# Supplied material:

(* The family $\mathcal{P}_{gd}$ of good isomorphisms is cofinal in $\mathcal{P}$ (every $p\in\mathcal{P}$ is extended by some element of $\mathcal{P}_{gd}$). Furthermore, for every $\gamma\in\mathrm{Aut}(\mathbb{Q},<)$ the family $\mathcal{P}_{gd}\cap\mathcal{P}_\gamma$ is cofinal in $\mathcal{P}_\gamma$.
   Context: $\mathcal{P}$ is the set of finite partial isomorphisms of $(\mathbb{Q},<)$, ordered by extension. $\mathrm{Aut}(\mathbb{Q},<)$ carries the topology of pointwise convergence; $\mathcal{C}_\gamma$ is the closure of $\{\sigma\gamma\sigma^{-1}:\sigma\in\mathrm{Aut}(\mathbb{Q},<)\}$ and $\mathcal{P}_\gamma=\{p\in\mathcal{P}: p$ extends to an element of $\mathcal{C}_\gamma\}$. For $a\in\mathrm{Dom}(p)\cup\mathrm{Rng}(p)$, $\wp_p(a)$ is the sign ($+,0,-$) of $p(a)-a$ if $a\in\mathrm{Dom}(p)$, or of $a-p^{-1}(a)$ if $a\in\mathrm{Rng}(p)$. Elements $a,b$ are $p$-related if $a=b$, or if $\wp_p(a)=+$ or $\wp_p(b)=+$ and one of $a\le b\le p(a)$, $b\le a\le p(b)$, $p^{-1}(a)\le b\le a$, $p^{-1}(b)\le a\le b$ holds, or if $\wp_p(a)=-$ or $\wp_p(b)=-$ and one of $a\le b\le p^{-1}(a)$, $b\le a\le p^{-1}(b)$, $p(a)\le b\le a$, $p(b)\le a\le b$ holds (when defined). $\sim_p$ is the generated equivalence; classes meeting $\mathrm{Dom}(p)\cup\mathrm{Rng}(p)$ are colored $p$-orbitals, with parity $\wp_p$, linearly ordered by $I\prec J$ iff every element of $I$ is below every element of $J$. A bad pair of $p$ is $a<a'$ in $\mathrm{Dom}(p)\cup\mathrm{Rng}(p)$ such that either the colored $p$-orbitals of $a,a'$ and all colored $p$-orbitals between them have parity $+$ and $p(a)$, $p^{-1}(a')$ are undefined, or they all have parity $-$ and $p(a')$, $p^{-1}(a)$ are undefined. $p$ is a good isomorphism ($p\in\mathcal{P}_{gd}$) if no colored $p$-orbital of parity $+$ or $-$ contains a bad pair, and any two colored $p$-orbitals of parities in $\{+,-\}$ which are neighbours in the ordering of colored $p$-orbitals have different parities. *)

From HB Require Import structures.
From mathcomp Require Import all_boot all_order all_algebra finmap.
From Stdlib Require Import Relation_Operators.
Set Implicit Arguments. Unset Strict Implicit. Unset Printing Implicit Defensive.
Import Order.TTheory GRing.Theory Num.Theory.
Local Open Scope ring_scope.
Local Open Scope fmap_scope.
(* In the currency market model #1 described in the context, assume $\{\lambda^{ij}_t>0\}=\{\lambda^{ji}_t>0\}$ for all $i,j\le d$ and $t\in\mathbb T$. Then for every $t\in\mathbb T$ and every $\eta\in L^0(\mathbb M^d;\mathcal H_t)$ such that $F_t(\eta)\in N^0_t(F)$, one has $F_t(-\eta)=-F_t(\eta)$ a.s. (so condition $\mathbf{HN^0}$ holds, since $\mathcal A=\mathbb M^d$).
   Context: Let $T\in\mathbb N$, $\mathbb T=\{0,\dots,T\}$, $d\ge1$, $(\Omega,\mathcal F,\mathbb P)$ a complete probability space and $\mathbb H=(\mathcal H_t)_{t\in\mathbb T}$ a filtration with $\mathcal H_T\subset\mathcal F$. $\mathbb M^d$ denotes real $d\times d$ matrices, $\mathbb M^d_+$ those with nonnegative entries; $L^0(E;\mathcal G)$ denotes $E$-valued $\mathcal G$-measurable random variables. Let $S=(S_t)_{t\in\mathbb T}$ be an $\mathcal F$-measurable $(0,\infty)^d$-valued process and $\lambda=(\lambda_t)_{t\in\mathbb T}$ an $\mathcal F$-measurable $\mathbb M^d_+$-valued process (neither necessarily $\mathbb H$-adapted); set $\tau^{ji}_t=S^i_t/S^j_t$. For $\rho,\ell\in\mathbb M^d_+$ define $f(\cdot;\rho,\ell):\mathbb M^d\to\mathbb R^d$ by $f^i(a;\rho,\ell)=\sum_{j=1}^d a^{ji}\big(1+\ell^{ij}\mathbf 1_{\{a^{ji}<0\}}\big)-a^{ij}\rho^{ij}\big(1+\ell^{ij}\mathbf 1_{\{a^{ij}\ge0\}}\big)$, $i\le d$. Set $\mathcal A=\mathbb M^d$ and $F_t(a)=f(a;\tau_t,\lambda_t)$, $t\in\mathbb T$. Let $N_t(F)=\{F_t(\eta):\eta\in L^0(\mathbb M^d;\mathcal H_t)\}$ and $N^0_t(F)=N_t(F)\cap(-N_t(F))$. *)

From HB Require Import structures.
From mathcomp Require Import all_boot all_order all_algebra.
From mathcomp Require Import all_classical all_reals all_analysis.
Set Implicit Arguments. Unset Strict Implicit. Unset Printing Implicit Defensive.
Import Order.TTheory GRing.Theory Num.Theory.
Local Open Scope classical_set_scope.
Local Open Scope ring_scope.

Definition sub_sigma_algebra d (Omega : measurableType d) (G : set (set Omega)) :=
  sigma_algebra setT G /\ G `<=` measurable.

Definition filtration d (Omega : measurableType d) (T : nat)
    (H : nat -> set (set Omega)) :=
  (forall t, (t <= T)%N -> sub_sigma_algebra (H t)) /\
  (forall s t, (s <= t)%N -> (t <= T)%N -> H s `<=` H t).

Definition Gmeas d (Omega : measurableType d) (R : realType)
    (G : set (set Omega)) (X : Omega -> R) :=
  forall B : set R, measurable B -> G (X @^-1` B).

Definition L0mx d (Omega : measurableType d) (R : realType) (n : nat)
    (G : set (set Omega)) (eta : Omega -> 'M[R]_n) :=
  forall i j, Gmeas G (fun w => eta w i j).

Definition ind {R : realType} (b : bool) : R := if b then 1 else 0.

Definition fcost (R : realType) (n : nat) (a rho l : 'M[R]_n) : 'rV[R]_n :=
  \row_(i < n) \sum_(j < n)
     (a j i * (1 + l i j * ind (a j i < 0))
      - a i j * rho i j * (1 + l i j * ind (0 <= a i j))).

Definition tau (R : realType) (n : nat) (s : 'rV[R]_n) : 'M[R]_n :=
  \matrix_(j < n, i < n) (s 0 i / s 0 j).

Definition Fmap d (Omega : measurableType d) (R : realType) (n : nat)
    (S : nat -> Omega -> 'rV[R]_n) (lam : nat -> Omega -> 'M[R]_n) (t : nat)
    (eta : Omega -> 'M[R]_n) : Omega -> 'rV[R]_n :=
  fun w => fcost (eta w) (tau (S t w)) (lam t w).

(* X in N_t(F) (elements of L^0, i.e. up to P-a.s. equality) *)
Definition inN d (Omega : measurableType d) (R : realType) (n : nat)
    (P : probability Omega R) (H : nat -> set (set Omega))
    (S : nat -> Omega -> 'rV[R]_n) (lam : nat -> Omega -> 'M[R]_n) (t : nat)
    (X : Omega -> 'rV[R]_n) :=
  exists eta, L0mx (H t) eta /\ {ae P, forall w, X w = Fmap S lam t eta w}.

Definition inN0 d (Omega : measurableType d) (R : realType) (n : nat)
    (P : probability Omega R) (H : nat -> set (set Omega))
    (S : nat -> Omega -> 'rV[R]_n) (lam : nat -> Omega -> 'M[R]_n) (t : nat)
    (X : Omega -> 'rV[R]_n) :=
  inN P H S lam t X /\ inN P H S lam t (fun w => - X w).

From HB Require Import structures.
From mathcomp Require Import all_boot all_order all_algebra.
From mathcomp Require Import all_classical all_reals all_analysis.
From mathcomp Require Import ring.
Import Order.TTheory GRing.Theory Num.Theory.
Local Open Scope classical_set_scope.
Local Open Scope ring_scope.

(* Valued at the prices [s], a transfer [a] loses the nonnegative amount
   [\sum_(i, j) fcost_loss a i j] to transaction costs, so [F(a)] has
   nonpositive value.  If [F(a) = - F(b)], both values vanish, hence [a] only
   moves money along pairs of currencies with zero cost in both directions
   (the supports of [l i j] and [l j i] agree), where [f] is odd. *)

Section CurrencyCost.
Variables (R : realType) (n : nat) (s : 'rV[R]_n) (l : 'M[R]_n).

Definition portfolio_value (x : 'rV[R]_n) : R := \sum_i s 0 i * x 0 i.

Definition fcost_loss (a : 'M[R]_n) (i j : 'I_n) : R :=
  s 0 j * (a i j * (l i j * ind (0 <= a i j) - l j i * ind (a i j < 0))).

Lemma portfolio_valueN x : portfolio_value (- x) = - portfolio_value x.
Proof. by rewrite /portfolio_value -sumrN; apply: eq_bigr => i _; rewrite mxE mulrN. Qed.

Hypothesis s_gt0 : forall i, 0 < s 0 i.
Hypothesis l_ge0 : forall i j, 0 <= l i j.

Lemma fcost_loss_ge0 a i j : 0 <= fcost_loss a i j.
Proof.
rewrite /fcost_loss /ind; apply: mulr_ge0; first exact: ltW.
case: (ltP (a i j) 0) => [a_lt0|a_ge0].
  by rewrite mulr0 mulr1 sub0r mulrN -mulNr mulr_ge0 // oppr_ge0 ltW.
by rewrite mulr1 mulr0 subr0 mulr_ge0.
Qed.

Lemma portfolio_value_fcost a :
  portfolio_value (fcost a (tau s) l) = - \sum_i \sum_j fcost_loss a i j.
Proof.
pose gain i j := s 0 i * (a j i * (1 + l i j * ind (a j i < 0))).
pose paid i j := s 0 i * (a i j * tau s i j * (1 + l i j * ind (0 <= a i j))).
have -> : portfolio_value (fcost a (tau s) l) =
    \sum_i \sum_j gain i j - \sum_i \sum_j paid i j.
  rewrite -sumrB; apply: eq_bigr => i _; rewrite mxE mulr_sumr -sumrB.
  by apply: eq_bigr => j _; rewrite mulrBr.
rewrite [X in X - _]exchange_big -sumrB -sumrN; apply: eq_bigr => i _.
rewrite -sumrB -sumrN; apply: eq_bigr => j _.
rewrite /gain /paid /fcost_loss !mxE; have := s_gt0 i; have := s_gt0 j => sj si.
by field; rewrite gt_eqF.
Qed.

Lemma portfolio_value_fcost_le0 a : portfolio_value (fcost a (tau s) l) <= 0.
Proof.
rewrite portfolio_value_fcost oppr_le0.
by do 2!apply: sumr_ge0 => ? _; apply: fcost_loss_ge0.
Qed.

Hypothesis l_supp_sym : forall i j, 0 < l i j -> 0 < l j i.

Lemma l_eq0_sym i j : l i j = 0 -> l j i = 0.
Proof.
move=> lij0; apply/eqP; rewrite eq_le l_ge0 andbT leNgt; apply/negP => /l_supp_sym.
by rewrite lij0 ltxx.
Qed.

Lemma fcost_value0_frictionless a :
  portfolio_value (fcost a (tau s) l) = 0 ->
  forall i j, a i j != 0 -> l i j = 0 /\ l j i = 0.
Proof.
rewrite portfolio_value_fcost => /eqP; rewrite oppr_eq0 => /eqP loss0 i j aij_neq0.
have loss_i0 : \sum_j fcost_loss a i j = 0.
  apply: (psumr_eq0P _ loss0) => // k _.
  by apply: sumr_ge0 => ? _; apply: fcost_loss_ge0.
have /eqP : fcost_loss a i j = 0.
  by apply: (psumr_eq0P _ loss_i0) => // k _; apply: fcost_loss_ge0.
rewrite /fcost_loss /ind !mulf_eq0 gt_eqF //= (negbTE aij_neq0) /=.
case: (ltP (a i j) 0) => _.
  rewrite mulr0 mulr1 sub0r oppr_eq0 => /eqP lji0.
  by split => //; apply: l_eq0_sym.
rewrite mulr1 mulr0 subr0 => /eqP lij0.
by split => //; apply: l_eq0_sym.
Qed.

Lemma fcost_oppr_frictionless (a : 'M[R]_n) :
  (forall i j, a i j != 0 -> l i j = 0 /\ l j i = 0) ->
  fcost (- a) (tau s) l = - fcost a (tau s) l.
Proof.
move=> frictionless; apply/rowP => i; rewrite !mxE -sumrN.
apply: eq_bigr => j _; rewrite !mxE.
have [->|/frictionless[_ lij0]] := eqVneq (a j i) 0;
  have [->|/frictionless[lij0' _]] := eqVneq (a i j) 0;
  rewrite ?oppr0 ?mul0r ?lij0 ?lij0'; ring.
Qed.

Lemma fcost_oppr_of_oppr (a b : 'M[R]_n) :
  fcost a (tau s) l = - fcost b (tau s) l ->
  fcost (- a) (tau s) l = - fcost a (tau s) l.
Proof.
move=> Fab; apply/fcost_oppr_frictionless/fcost_value0_frictionless.
have Va_ge0 : 0 <= portfolio_value (fcost a (tau s) l).
  by rewrite Fab portfolio_valueN oppr_ge0 portfolio_value_fcost_le0.
by apply/eqP; rewrite eq_le Va_ge0 portfolio_value_fcost_le0.
Qed.

End CurrencyCost.

Theorem mainTheorem9 (T : nat) (n : nat) (dsp : measure_display)
    (Omega : measurableType dsp) (R : realType) (P : probability Omega R)
    (H : nat -> set (set Omega))
    (S : nat -> Omega -> 'rV[R]_n) (lam : nat -> Omega -> 'M[R]_n) :
  (0 < n)%N ->
  measure_is_complete P ->
  filtration T H ->
  (forall t, (t <= T)%N -> forall i, measurable_fun setT (fun w => S t w 0 i)) ->
  (forall t, (t <= T)%N -> forall w i, 0 < S t w 0 i) ->
  (forall t, (t <= T)%N -> forall i j, measurable_fun setT (fun w => lam t w i j)) ->
  (forall t, (t <= T)%N -> forall w i j, 0 <= lam t w i j) ->
  (forall t, (t <= T)%N -> forall i j,
      [set w | 0 < lam t w i j] = [set w | 0 < lam t w j i]) ->
  forall t, (t <= T)%N ->
  forall eta : Omega -> 'M[R]_n, L0mx (H t) eta ->
  inN0 P H S lam t (Fmap S lam t eta) ->
  {ae P, forall w, Fmap S lam t (fun w' => - eta w') w = - Fmap S lam t eta w}.
Proof.
move=> _ _ _ _ S_gt0 _ lam_ge0 lam_supp t tT eta _ [_ [xi [_ F_opp]]].
apply: filterS F_opp => w; rewrite /Fmap /= => Fw.
apply: (@fcost_oppr_of_oppr R n _ _ _ _ _ (eta w) (xi w)).
- by move=> i; apply: S_gt0.
- by move=> i j; apply: lam_ge0.
- move=> i j lij_gt0; have : [set w | 0 < lam t w i j] w by [].
  by rewrite lam_supp.
- by rewrite -Fw opprK.
Qed.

# Instructions to follow:
From the data above, reproduce word for word the lines running from the line with "hence [a] only" to the line with "Hypothesis s_gt0 : forall i, 0 < s 0 i.", ends included.

# Written answer:
   nonpositive value.  If [F(a) = - F(b)], both values vanish, hence [a] only
   moves money along pairs of currencies with zero cost in both directions
   (the supports of [l i j] and [l j i] agree), where [f] is odd. *)

Section CurrencyCost.
Variables (R : realType) (n : nat) (s : 'rV[R]_n) (l : 'M[R]_n).

Definition portfolio_value (x : 'rV[R]_n) : R := \sum_i s 0 i * x 0 i.

Definition fcost_loss (a : 'M[R]_n) (i j : 'I_n) : R :=
  s 0 j * (a i j * (l i j * ind (0 <= a i j) - l j i * ind (a i j < 0))).

Lemma portfolio_valueN x : portfolio_value (- x) = - portfolio_value x.
Proof. by rewrite /portfolio_value -sumrN; apply: eq_bigr => i _; rewrite mxE mulrN. Qed.

Hypothesis s_gt0 : forall i, 0 < s 0 i.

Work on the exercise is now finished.